[Stored data]
(* Writing X_{s,k} for
   the coefficient of d^(o-s) e^k in X, the product X H has coefficient
   X_{s,k-1} + X_{s-1,k} u at d^(o+1-s) e^k, provided the coefficients of X
   that could pick up derivatives of u or of 1 vanish. *)
Section RightMultiplicationByH.
Variable A : comPzRingType.
Variables d e : A -> A.
Hypothesis dD : forall a b, d (a + b) = d a + d b.
Hypothesis dM : forall a b, d (a * b) = d a * b + a * d b.
Hypothesis eD : forall a b, e (a + b) = e a + e b.
Hypothesis eM : forall a b, e (a * b) = e a * b + a * e b.
Variable u : A.

Lemma qcf_H_1 t : qcf (H2 u) t 1 = if t == 0%N then 1 else 0.
Proof. by case: t => [|[|t]]. Qed.

Lemma qcf_H_0 t : qcf (H2 u) t 0 = if t == 1%N then u else 0.
Proof. by case: t => [|[|t]]. Qed.

Lemma iter_der_one i j :
  iter i d (iter j e 1) = if (i == 0%N) && (j == 0%N) then 1 else 0.
Proof.
have E j0 : iter j0 e 1 = if j0 == 0%N then 1 else 0.
  by case: j0 => [|j0] //; rewrite iterSr (der1 eD eM) iter_fix0 ?(add_map0 eD).
rewrite E; case: (j == 0%N); rewrite ?andbF ?andbT.
- by case: i => [|i] //; rewrite iterSr (der1 dD dM) iter_fix0 ?(add_map0 dD).
- by rewrite iter_fix0 ?if_same // (add_map0 dD).
Qed.

Lemma iter_der_zero i j : iter i d (iter j e 0) = 0.
Proof. by rewrite (@iter_fix0 _ e) ?(add_map0 eD) // iter_fix0 ?(add_map0 dD). Qed.

Variable X : psd2 A.
Let n := qdeg X.
Let o := qord X.
Let c := qcf X.

Section ProductTerm.
Variables (s k sp i kp j : nat).
Hypotheses (hsp : (sp < s.+1)%N) (hi : (i < s.+1 - sp)%N).
Hypotheses (hkp : (kp < n.+1)%N) (hj : (j < kp.+1)%N).
Hypothesis ha : forall sp kp, (sp.+1 < s)%N -> (kp <= n)%N -> c sp kp = 0.
Hypothesis hb : forall kp, (0 < s)%N -> (k < kp)%N -> (kp <= n)%N -> c s.-1 kp = 0.

Lemma XH_term_e :
  (if (kp - j + 1 == k)%N then
     (c sp kp * iter i d (iter j e (if (s - sp - i == 0)%N then 1 else 0)))
       *~ (binz (o - Posz sp) i * ('C(kp, j))%:Z)
   else 0)
  = if j == 0%N then if kp.+1 == k then if i == 0%N then
      if sp == s then c sp kp else 0 else 0 else 0 else 0.
Proof.
case: (eqVneq (s - sp - i)%N 0%N) => h.
- rewrite iter_der_one.
  case: (eqVneq i 0%N) => [hi0|hi0]; case: (eqVneq j 0%N) => [hj0|hj0] //=;
    rewrite ?mulr0 ?mul0rz ?if_same //.
  subst i j; rewrite binz0 bin0 mulr1 mulr1z subn0 addn1.
  have -> : sp = s by lia.
  by rewrite eqxx; case: ifP.
- rewrite iter_der_zero mulr0 mul0rz if_same.
  case: (eqVneq j 0%N) => // _; case: ifP => // _; case: (eqVneq i 0%N) => // hi0.
  by case: (eqVneq sp s) => // hs; exfalso; move: h; rewrite hi0 hs; lia.
Qed.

* What is expected *
The word is "have". Copy every line above where it appears.

* Your response *
have E j0 : iter j0 e 1 = if j0 == 0%N then 1 else 0.
  have -> : sp = s by lia.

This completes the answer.